# PROBLEM DETAILS
State how many lines in the entries below hold the string "subrK", and give nothing besides that number.

── RECORD EXTRACTS

(* For every $d\ge1$, $$G_{\mathbb C}.(\Xi_+\times\Xi_+)=\{(z,w)\in\mathrm{dS}^d_{\mathbb C}\times\mathrm{dS}^d_{\mathbb C}\;:\;\beta(z,\overline w)\notin(-\infty,-1]\},$$ where $G_{\mathbb C}$ acts on pairs by $g.(z,w)=(gz,\overline g\,w)$.
   Context: Let $d\ge1$. On $\mathbb C^{1+d}$ let $\beta(z,w)=z_0w_0-z_1w_1-\dots-z_dw_d$, let $\overline z$ denote coordinatewise complex conjugation, $V=\mathbb R^{1+d}$, $V_+=\{x\in V:x_0>0,\beta(x,x)>0\}$, $\mathrm{dS}^d_{\mathbb C}=\{z:\beta(z,z)=-1\}$, $\Xi_+=\mathrm{dS}^d_{\mathbb C}\cap(V+iV_+)$. Let $G_{\mathbb C}=\mathrm{SO}_{1+d}(\mathbb C)$ be the determinant-one complex linear maps preserving $\beta$, and for $g\in G_{\mathbb C}$ let $\overline g$ be its entrywise complex conjugate (again in $G_{\mathbb C}$). *)

From HB Require Import structures.
From mathcomp Require Import all_boot all_order all_algebra.
From mathcomp Require Import complex.
From mathcomp Require Import reals.
Set Implicit Arguments. Unset Strict Implicit. Unset Printing Implicit Defensive.
Import Order.TTheory GRing.Theory Num.Theory.
Local Open Scope ring_scope.
Local Open Scope complex_scope.

Section Defs.
Variables (R : realType) (d : nat).
Local Notation C := (R[i]).
(* A nontrivial [c^-1 f c] is not in [K_l], so some [a] in the half-tree [H u C_l] conjugates it
   out of [H]; a subcone at [a] moved off by that conjugate, translated by [c a], does the job. *)
Lemma moves_off_refine c l f : K_trivial -> f <> e ->
  exists c' l', (forall b, cone c' l' b -> cone c l b) /\ moves_off f c' l'.
Proof.
  intros KS Nf.
  assert (NK : ~ Kset G G0 G1 l (ginv c * f * c)).
  { intro K. apply Nf. replace f with (c * (ginv c * f * c) * ginv c) by gsimpl.
    rewrite (KS l _ K). gsimpl. }
  destruct (notK_witness l _ NK) as [a [Ca Na]].
  destruct (cone0_subcone l a Ca) as [l2 Sub].
  destruct (moved_subcone _ l2 Na) as [c' [l' [Inc Mv]]].
  exists (c * a * c'), l'. split.
  - intros b Cb.
    assert (C1 : cone (a * c') l' (ginv c * b)).
    { apply (proj1 (cone_mulE c _ _ _)). rewrite mulKVg, gmulA. exact Cb. }
    assert (C2 : cone c' l' (ginv a * (ginv c * b))).
    { apply (proj1 (cone_mulE a _ _ _)). rewrite mulKVg. exact C1. }
    exact (Sub _ (Inc _ C2)).
  - pose proof (moves_off_conj (c * a) _ _ _ Mv) as M.
    replace (c * a * (ginv a * (ginv c * f * c) * a) * ginv (c * a)) with f in M by gsimpl. exact M.
Qed.

Lemma moves_off_common F : K_trivial -> (forall f, In f F -> f <> e) ->
  exists c l, forall f, In f F -> moves_off f c l.
Proof.
  intro KS. induction F as [|f F IH]; intros NF0.
  - exists e, true. intros f [].
  - destruct IH as [c [l M]]. { intros f' I. apply NF0. right; auto. }
    destruct (moves_off_refine c l f KS (NF0 f (or_introl eq_refl))) as [c' [l' [Inc Mf]]].
    exists c', l'. intros f2 [E|I].
    + subst f2. exact Mf.
    + intros b Cb Cfb. apply (M f2 I b (Inc _ Cb) (Inc _ Cfb)).
Qed.
(** * Rays and the boundary *)

Local Notation V := (vertex G).
Local Notation veq := (veq G G0 G1).
Local Notation adj := (adj G G0 G1).
Local Notation is_ray := (is_ray G G0 G1).
Local Notation cofinal := (cofinal G G0 G1).
Local Notation Zset := (Zset G G0 G1).
Local Notation vact := (vact G).
Local Notation ray_act := (ray_act G).

Lemma veq_refl v : veq v v.
Proof. split; [reflexivity|]. gsimpl. apply memG1. Qed.
Lemma veq_sym v w : veq v w -> veq w v.
Proof.
  intros [E A]. split; [auto|]. rewrite <- E.
  replace (ginv (snd w) * snd v) with (ginv (ginv (snd v) * snd w)) by gsimpl. apply memGV; auto.
Qed.
Lemma veq_trans u v w : veq u v -> veq v w -> veq u w.
Proof.
  intros [E1 A1] [E2 A2]. split; [congruence|].
  replace (ginv (snd u) * snd w) with ((ginv (snd u) * snd v) * (ginv (snd v) * snd w)) by gsimpl.
  apply memGM; auto. rewrite E1; auto.
Qed.
Lemma veq_act g v w : veq v w -> veq (vact g v) (vact g w).
Proof.
  intros [E A]. split; [exact E|]. simpl.
  replace (ginv (g * snd v) * (g * snd w)) with (ginv (snd v) * snd w) by gsimpl. exact A.
Qed.
Lemma adj_veq v w v' w' : adj v w -> veq v v' -> veq w w' -> adj v' w'.
Proof.
  intros [Ne [g [A B]]] Vv Ww. destruct Vv as [Ev Gv]. destruct Ww as [Ew Gw].
  split; [congruence|]. exists g. split.
  - rewrite <- Ev. apply veq_trans with v; [apply veq_sym; split; auto|exact A].
  - rewrite <- Ew. apply veq_trans with w; [apply veq_sym; split; auto|exact B].
Qed.
Lemma vact_comp a b v : vact a (vact b v) = vact (a * b) v.
Proof. unfold Defs.vact. simpl. rewrite gmulA. reflexivity. Qed.
Lemma ray_act_comp a b x : ray_act a (ray_act b x) = ray_act (a * b) x.
Proof. apply functional_extensionality. intro n. unfold Defs.ray_act. apply vact_comp. Qed.
Lemma ray_act_e x : ray_act e x = x.
Proof.
  apply functional_extensionality. intro n. unfold Defs.ray_act, Defs.vact. rewrite gmul1.
  destruct (x n); reflexivity.
Qed.

Lemma ray_act_ray g x : is_ray x -> is_ray (ray_act g x).
Proof.
  intros R n. destruct (R n) as [[Ne [c [A B]]] Nback]. unfold Defs.ray_act. split.
  - split; [exact Ne|]. exists (g * c). split.
    + apply (veq_act g) in A. exact A.
    + apply (veq_act g) in B. exact B.
  - intro Habs. apply Nback. destruct Habs as [E A2]. split; [exact E|]. simpl in A2.
    replace (ginv (snd (x (S (S n)))) * snd (x n)) with (ginv (g * snd (x (S (S n)))) * (g * snd (x n)))
      by gsimpl. exact A2.
Qed.
Lemma cvg_mtcm : mtcm (Cn n) @[n --> F] --> mtcm C.
Proof.
apply/cvgrPdist_le => e e0.
apply: filterS2 (mtcm_near_ge e0) (mtcm_near_le e0) => n lo hi.
by rewrite ler_distlC lo.
Qed.

End Continuity.

Unset Implicit Arguments.

Theorem proposition2p2 (R : realType) (d : nat) (hd : (2 <= d)%N)
  (C C1 C2 : ('I_d -> R) -> R) :
  copula C -> copula C1 -> copula C2 ->
  has_tail_copula C -> has_tail_copula C1 -> has_tail_copula C2 ->
  (* (i) *)
      (exists2 b, Bset b & tail_copula C b = mtcm C) /\
      (* (ii) *)
      (mtcm C = 1 <-> forall x, pos_orthant x -> tail_copula C x = coord_min x) /\
      (* (iii) *)
      (mtcm C = 0 <-> forall x, pos_orthant x -> tail_copula C x = 0) /\
      (* (iv) *)
      ((forall x, pos_orthant x -> tail_copula C1 x <= tail_copula C2 x) ->
         mtcm C1 <= mtcm C2) /\
      (* (v) *)
      (forall t : R, 0 <= t <= 1 ->
         mtcm (fun u => t * C1 u + (1 - t) * C2 u) <= t * mtcm C1 + (1 - t) * mtcm C2) /\
      (* (vi) *)
      (forall Cn : nat -> ('I_d -> R) -> R,
         (forall n, copula (Cn n)) -> (forall n, has_tail_copula (Cn n)) ->
         (forall x, pos_orthant x ->
            tail_copula (Cn n) x @[n --> \oo] --> tail_copula C x) ->
         mtcm (Cn n) @[n --> \oo] --> mtcm C).
Proof.
move=> cC cC1 cC2 hC hC1 hC2; have d0 : (0 < d)%N := ltnW hd.
split; first exact: mtcm_attained.
split; first exact: mtcm_eq1.
split; first exact: mtcm_eq0.
split; first exact: le_mtcm.
split; first by move=> t /andP[t0 t1]; apply: mtcm_lincomb_le; rewrite ?subr_ge0.
by move=> Cn cCn hCn LCn; exact: cvg_mtcm.
Qed.
(* Under the standing setup and with $u$, $z^*$, $r_u$, $\delta_v$, $z_v$ as in the context, assume $\beta(u)\ne0$ and let $v\in B(u,r_u)\cap\widetilde X$ satisfy $\|u-v\|\le\frac{\varepsilon\|\beta(u)\|}{480}$. Then \[\|z_v-\beta(v)\|\le\frac{128\|u-u_{NN}\|^{1/2}}{\varepsilon^{1/2}}\|u-v\|^{1/2}.\]
   Context: Norms are Euclidean; $B(x,r)$ is the open ball. Standing setup: $X\subseteq\mathbb{R}^d$ has reach $\tau_X>0$, where $\tau_X=\sup\{t\ge0:\text{every }x\text{ with }d(x,X)<t\text{ has a unique closest point in }\overline X\}$; $\widetilde X=X+B(0,\tau_X/2)$; for $u\in\widetilde X$, $u_{NN}$ is the unique closest point to $u$ in $\overline X$, and it is a known fact that $\|u_{NN}-v_{NN}\|\le2\|u-v\|$ for all $u,v\in\widetilde X$. $\varepsilon\in(0,1)$. $S_X=\overline{\{(x-y)/\|x-y\|:x\ne y\in X\}}$. A linear $\Pi$ provides $\eta$-convex hull distortion for $T\subseteq S^{d-1}$ if $|\,\|\Pi x\|-\|x\|\,|<\eta$ for all $x\in\operatorname{conv}(T)$. $\mathcal C=\{w_1,\ldots,w_\ell\}\subseteq S_X$ is finite with every $v\in S_X$ within distance $<\varepsilon/40$ of some $w_i$; $\Pi\in\mathbb{R}^{m\times d}$ provides $\frac{\varepsilon}{240}$-convex hull distortion for $S_X$. For $z\in\mathbb{R}^m$, $u\in\widetilde X$, $i=1,\ldots,\ell$: $\tilde g_i(z,u)=\langle z,\Pi w_i\rangle-\langle u-u_{NN},w_i\rangle-\frac{\varepsilon}{30}\|u-u_{NN}\|$, $\tilde g_{\ell+i}(z,u)=\langle u-u_{NN},w_i\rangle-\langle z,\Pi w_i\rangle-\frac{\varepsilon}{30}\|u-u_{NN}\|$; $\widetilde F_u=\{z:\tilde g_i(z,u)\le0\ \forall i\}$; $\beta(u)=\arg\min_{z\in\widetilde F_u}\|z\|$. Fix $u\in\widetilde X\setminus\overline X$ and $z^*\in\mathbb{R}^m$ with $\|z^*\|\le\|u-u_{NN}\|$ and $\tilde g_i(z^*,u)\le-\frac{\varepsilon}{60}\|u-u_{NN}\|$ for all $i$. Set $r_u=\min\{1,\frac{\varepsilon\|u-u_{NN}\|}{480}\}$, and for $v\in B(u,r_u)\cap\widetilde X$, $\delta_v=\frac{240\|u-v\|}{\varepsilon\|u-u_{NN}\|}$, $z_v=(1-\delta_v)\beta(u)+\delta_vz^*$. *)

From HB Require Import structures.
From mathcomp Require Import all_boot all_order all_algebra.
From mathcomp Require Import all_classical all_reals all_analysis.
Set Implicit Arguments. Unset Strict Implicit. Unset Printing Implicit Defensive.
Import Order.TTheory GRing.Theory Num.Theory.
Local Open Scope classical_set_scope.
Local Open Scope ring_scope.

Definition dotv {R : realType} {d : nat} (x y : 'rV[R]_d) : R :=
  \sum_(i < d) x 0 i * y 0 i.
Definition enorm {R : realType} {d : nat} (x : 'rV[R]_d) : R := Num.sqrt (dotv x x).

Definition eclosure {R : realType} {d : nat} (A : set 'rV[R]_d) : set 'rV[R]_d :=
  [set p | forall e : R, 0 < e -> exists2 y, A y & enorm (p - y) < e].

(* d(x, A) = inf_{y in A} |x - y| (as an extended real; +oo if A is empty) *)
Definition setdist {R : realType} {d : nat} (x : 'rV[R]_d) (A : set 'rV[R]_d) : \bar R :=
  ereal_inf [set (enorm (x - y))%:E | y in A].

Definition is_nearest {R : realType} {d : nat} (A : set 'rV[R]_d) (x p : 'rV[R]_d) : Prop :=
  eclosure A p /\ forall q, eclosure A q -> enorm (x - p) <= enorm (x - q).

Definition unique_nearest {R : realType} {d : nat} (A : set 'rV[R]_d) (x : 'rV[R]_d) : Prop :=
  exists! p, is_nearest A x p.

Definition reach {R : realType} {d : nat} (A : set 'rV[R]_d) : \bar R :=
  ereal_sup [set t%:E | t in [set t : R | 0 <= t /\
     forall x, (setdist x A < t%:E)%E -> unique_nearest A x]].

Definition tube {R : realType} {d : nat} (A : set 'rV[R]_d) : set 'rV[R]_d :=
  [set u | exists2 x, A x & ((enorm (u - x))%:E < reach A * (2^-1)%:E)%E].

(* u_NN : the (unique, for u in the tube) closest point to u in cl A *)
Definition NN {R : realType} {d : nat} (A : set 'rV[R]_d) (u : 'rV[R]_d) : 'rV[R]_d :=
  xget 0 (is_nearest A u).

Definition unit_secants {R : realType} {d : nat} (A : set 'rV[R]_d) : set 'rV[R]_d :=
  eclosure [set s | exists x y, [/\ A x, A y, x <> y & s = (enorm (x - y))^-1 *: (x - y)]].

Definition conv {R : realType} {d : nat} (T : set 'rV[R]_d) : set 'rV[R]_d :=
  [set x | exists n (lam : 'I_n -> R) (t : 'I_n -> 'rV[R]_d),
     [/\ forall i, 0 <= lam i, \sum_(i < n) lam i = 1, forall i, T (t i)
       & x = \sum_(i < n) lam i *: t i]].

Definition Papp {R : realType} {m d : nat} (P : 'M[R]_(m, d)) (x : 'rV[R]_d) : 'rV[R]_m :=
  x *m P^T.

Definition hull_distortion {R : realType} {m d : nat} (P : 'M[R]_(m, d)) (eta : R)
    (T : set 'rV[R]_d) : Prop :=
  forall x, conv T x -> `| enorm (Papp P x) - enorm x | < eta.

Definition g_lo {R : realType} {d m l : nat} (X : set 'rV[R]_d) (w : 'I_l -> 'rV[R]_d)
    (P : 'M[R]_(m, d)) (eps : R) (z : 'rV[R]_m) (u : 'rV[R]_d) (i : 'I_l) : R :=
  dotv z (Papp P (w i)) - dotv (u - NN X u) (w i) - eps / 30 * enorm (u - NN X u).
Definition g_hi {R : realType} {d m l : nat} (X : set 'rV[R]_d) (w : 'I_l -> 'rV[R]_d)
    (P : 'M[R]_(m, d)) (eps : R) (z : 'rV[R]_m) (u : 'rV[R]_d) (i : 'I_l) : R :=
  dotv (u - NN X u) (w i) - dotv z (Papp P (w i)) - eps / 30 * enorm (u - NN X u).

Definition Ftil {R : realType} {d m l : nat} (X : set 'rV[R]_d) (w : 'I_l -> 'rV[R]_d)
    (P : 'M[R]_(m, d)) (eps : R) (u : 'rV[R]_d) : set 'rV[R]_m :=
  [set z | forall i, g_lo X w P eps z u i <= 0 /\ g_hi X w P eps z u i <= 0].

Definition beta {R : realType} {d m l : nat} (X : set 'rV[R]_d) (w : 'I_l -> 'rV[R]_d)
    (P : 'M[R]_(m, d)) (eps : R) (u : 'rV[R]_d) : 'rV[R]_m :=
  xget 0 [set z | Ftil X w P eps u z /\ forall z', Ftil X w P eps u z' -> enorm z <= enorm z'].

From HB Require Import structures.
From mathcomp Require Import all_boot all_order all_algebra.
From mathcomp Require Import all_classical all_reals all_analysis.
From mathcomp Require Import ring lra.
Import Order.TTheory GRing.Theory Num.Theory.
Local Open Scope classical_set_scope.
Local Open Scope ring_scope.
Import numFieldNormedType.Exports.
Set Implicit Arguments. Unset Strict Implicit.

(* Both [beta u] and [beta v] are minimum-norm points of convex sets.  Since the
   constraints move by at most [4 |u - v|] from [u] to [v], shifting a feasible
   point by [delta] towards the strictly feasible [z*] restores feasibility; hence
   [z_v] is feasible at [v] and [(1 - delta) beta(v) + delta z*] is feasible at [u].
   The two norm comparisons that follow give [|z_v| <= |beta u| + c] and
   [|beta v| >= |beta u| - c] with [c = delta |z*|], and the parallelogram law
   at the minimum-norm point [beta v] turns this into
   [|z_v - beta v|^2 <= 2 |z_v|^2 - 2 |beta v|^2 <= 8 |beta u| c], where
   [c <= delta |u - u_NN| = 240 |u - v| / eps]. *)

Section InnerProduct.
Variables (R : realType) (n : nat).
Implicit Types (x y z : 'rV[R]_n) (a t : R).

Lemma dotvC x y : dotv x y = dotv y x.
Proof. by apply: eq_bigr => i _; rewrite mulrC. Qed.

Lemma dotvDl x y z : dotv (x + y) z = dotv x z + dotv y z.
Proof. by rewrite /dotv -big_split; apply: eq_bigr => i _; rewrite mxE mulrDl. Qed.

Lemma dotvZl a x y : dotv (a *: x) y = a * dotv x y.
Proof. by rewrite /dotv mulr_sumr; apply: eq_bigr => i _; rewrite mxE mulrA. Qed.

Lemma dotvNl x y : dotv (- x) y = - dotv x y.
Proof. by rewrite -scaleN1r dotvZl mulN1r. Qed.

Lemma dotvBl x y z : dotv (x - y) z = dotv x z - dotv y z.
Proof. by rewrite dotvDl dotvNl. Qed.

Lemma dotvDr x y z : dotv z (x + y) = dotv z x + dotv z y.
Proof. by rewrite dotvC dotvDl !(dotvC z). Qed.

Lemma dotvZr a x y : dotv y (a *: x) = a * dotv y x.
Proof. by rewrite dotvC dotvZl dotvC. Qed.

Lemma dotvBr x y z : dotv z (x - y) = dotv z x - dotv z y.
Proof. by rewrite dotvC dotvBl !(dotvC z). Qed.

Lemma dotv0l x : dotv 0 x = 0.
Proof. by rewrite -(scale0r 0) dotvZl mul0r. Qed.

Lemma dotvv_ge0 x : 0 <= dotv x x.
Proof. by apply: sumr_ge0 => i _; rewrite -expr2 sqr_ge0. Qed.

Lemma dotvv_eq0 x : dotv x x = 0 -> x = 0.
Proof.
move=> /eqP; rewrite psumr_eq0 => [/allP x0|i _]; last by rewrite -expr2 sqr_ge0.
apply/rowP => i; rewrite mxE.
by have /= := x0 i (mem_index_enum _); rewrite mulf_eq0 orbb => /eqP.
Qed.

Lemma enorm_ge0 x : 0 <= enorm x.
Proof. exact: sqrtr_ge0. Qed.

Lemma sqr_enorm x : enorm x ^+ 2 = dotv x x.
Proof. by rewrite sqr_sqrtr // dotvv_ge0. Qed.

Lemma dotv_sqr_le x y : dotv x y ^+ 2 <= dotv x x * dotv y y.
Proof.
have [/dotvv_eq0 ->|y0] := eqVneq (dotv y y) 0; first by rewrite dotvC !dotv0l expr0n /= mulr0.
have ypos : 0 < dotv y y by rewrite lt0r y0 dotvv_ge0.
set t := dotv x y / dotv y y.
(* expand [0 <= |x - t y|^2] at the minimising [t] *)
have := dotvv_ge0 (x - t *: y).
rewrite !dotvBl !dotvBr !dotvZl !dotvZr (dotvC y x).
have -> : dotv x x - t * dotv x y - (t * dotv x y - t * (t * dotv y y)) =
          (dotv x x * dotv y y - dotv x y ^+ 2) / dotv y y.
  by rewrite /t; field; rewrite gt_eqF.
by rewrite pmulr_lge0 ?invr_gt0 // subr_ge0.
Qed.

Lemma norm_dotv_le x y : `|dotv x y| <= enorm x * enorm y.
Proof.
rewrite -(ler_pXn2r (n := 2)) ?nnegrE ?mulr_ge0 ?enorm_ge0 //.
by rewrite exprMn !sqr_enorm real_normK ?num_real // dotv_sqr_le.
Qed.

Lemma ler_enormD x y : enorm (x + y) <= enorm x + enorm y.
Proof.
rewrite -(ler_pXn2r (n := 2)) ?nnegrE ?addr_ge0 ?enorm_ge0 //.
rewrite sqr_enorm dotvDl !dotvDr (dotvC y x) sqrrD !sqr_enorm.
have := le_trans (ler_norm _) (norm_dotv_le x y); lra.
Qed.

Lemma enormZ a x : enorm (a *: x) = `|a| * enorm x.
Proof.
by rewrite /enorm dotvZl dotvZr mulrA -expr2 sqrtrM ?sqr_ge0 // sqrtr_sqr.
Qed.

Lemma enormN x : enorm (- x) = enorm x.
Proof. by rewrite -scaleN1r enormZ normrN normr1 mul1r. Qed.

Lemma enorm_distC x y : enorm (x - y) = enorm (y - x).
Proof. by rewrite -enormN opprB. Qed.

Lemma lerB_enorm_dist x y : enorm x - enorm y <= enorm (x - y).
Proof. by rewrite lerBlDr; have := ler_enormD (x - y) y; rewrite subrK. Qed.

Lemma ler_enorm_combination t x y : 0 <= t <= 1 ->
  enorm ((1 - t) *: x + t *: y) <= (1 - t) * enorm x + t * enorm y.
Proof.
move=> /andP[t0 t1]; apply: le_trans (ler_enormD _ _) _.
by rewrite !enormZ !ger0_norm // subr_ge0.
Qed.

Lemma parallelogram x y :
  enorm (x - y) ^+ 2 + enorm (x + y) ^+ 2 = 2 * enorm x ^+ 2 + 2 * enorm y ^+ 2.
Proof.
rewrite !sqr_enorm !dotvBl !dotvDl !dotvBr !dotvDr (dotvC y x); ring.
Qed.

(* The midpoint inequality is what minimality of [y] gives on a convex set. *)
Lemma min_norm_gap x y : enorm y <= enorm (2^-1 *: (x + y)) ->
  enorm (x - y) ^+ 2 <= 2 * enorm x ^+ 2 - 2 * enorm y ^+ 2.
Proof.
rewrite -(ler_pXn2r (n := 2)) ?nnegrE ?enorm_ge0 // enormZ exprMn.
rewrite ger0_norm ?invr_ge0 ?ler0n //.
have := parallelogram x y; lra.
Qed.

Lemma enorm_residual_shift x y fx fy : enorm (fx - fy) <= 2 * enorm (x - y) ->
  enorm ((x - fx) - (y - fy)) <= 3 * enorm (x - y).
Proof.
have -> : (x - fx) - (y - fy) = (x - y) - (fx - fy) by apply/rowP => j; rewrite !mxE; ring.
by move=> lip; apply: le_trans (ler_enormD _ _) _; rewrite enormN; lra.
Qed.

End InnerProduct.

Section MinimumNorm.
Variables (R : realType) (n : nat).

Lemma dotv_continuous (T : topologicalType) (f g : T -> 'rV[R]_n) :
  continuous f -> continuous g -> continuous (fun t => dotv (f t) (g t)).
Proof.
move=> cf cg; rewrite /dotv -fct_sumE.
apply: (big_ind (fun h : T -> R => continuous h)) => [|h k ch ck t|i _ t].
- exact: cst_continuous.
- exact: cvgD (ch t) (ck t).
- have coord (h : T -> 'rV[R]_n) : continuous h -> continuous (fun x => h x 0 i).
    move=> chh x; apply: (@continuous_comp _ _ _ h (fun M : 'rV[R]_n => M 0 i) x (chh x)).
    exact: coord_continuous.
  exact: cvgM (coord f cf t) (coord g cg t).
Qed.

Lemma mx_norm_le_enorm (z : 'rV[R]_n) : `|z| <= enorm z.
Proof.
rewrite [`|z|]mx_normrE; apply: bigmax_le => [|[i j] _ /=]; first exact: enorm_ge0.
rewrite (ord1 i) -sqrtr_sqr ler_sqrt ?dotvv_ge0 // /dotv (bigD1 j) //=.
by rewrite lerDl sumr_ge0 // => k _; rewrite -expr2 sqr_ge0.
Qed.

Lemma closed_min_enorm (F : set 'rV[R]_n) z0 : closed F -> F z0 ->
  exists2 z, F z & forall z', F z' -> enorm z <= enorm z'.
Proof.
move=> Fcl Fz0.
have sq_cont : continuous (fun z : 'rV[R]_n => dotv z z).
  by apply: dotv_continuous => x; exact: cvg_id.
pose A := F `&` [set z | dotv z z <= dotv z0 z0].
have A0 : A !=set0 by exists z0; split => /=.
have Acl : closed A.
  by apply: closedI => //; exact: (continuous_closedP _).1 sq_cont _ (@closed_le R (dotv z0 z0)).
have Abd : bounded_set A.
  exists (enorm z0); split; first exact: num_real.
  move=> M z0M z [_ zz0] /=; apply: le_trans (mx_norm_le_enorm z) _.
  apply: ltW; apply: le_lt_trans z0M; by rewrite ler_sqrt ?dotvv_ge0.
have [c /set_mem[Fc cz0] cmin] :=
  EVT_min_rV A0 (bounded_closed_compact Abd Acl) (continuous_subspaceT sq_cont).
exists c => // z Fz; rewrite ler_sqrt ?dotvv_ge0 //.
have [zz0|z0z] := leP (dotv z z) (dotv z0 z0); first by apply: cmin; rewrite inE.
exact: ltW (le_lt_trans cz0 z0z).
Qed.

End MinimumNorm.

Lemma unit_secant_enorm_le1 (R : realType) d (X : set 'rV[R]_d) s :
  unit_secants X s -> enorm s <= 1.
Proof.
move=> Xs; apply/ler_addgt0Pr => e e0.
have [_ [x [y [_ _ _ ->]]] close] := Xs e e0.
have secant_le1 : enorm ((enorm (x - y))^-1 *: (x - y)) <= 1.
  rewrite enormZ ger0_norm ?invr_ge0 ?enorm_ge0 //.
  by have [->|xy0] := eqVneq (enorm (x - y)) 0; [rewrite invr0 mul0r | rewrite mulVf].
by have := ler_enormD (s - (enorm (x - y))^-1 *: (x - y)) ((enorm (x - y))^-1 *: (x - y));
  rewrite subrK; lra.
Qed.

────

# RESPONSE FOR THIS EXERCISE
2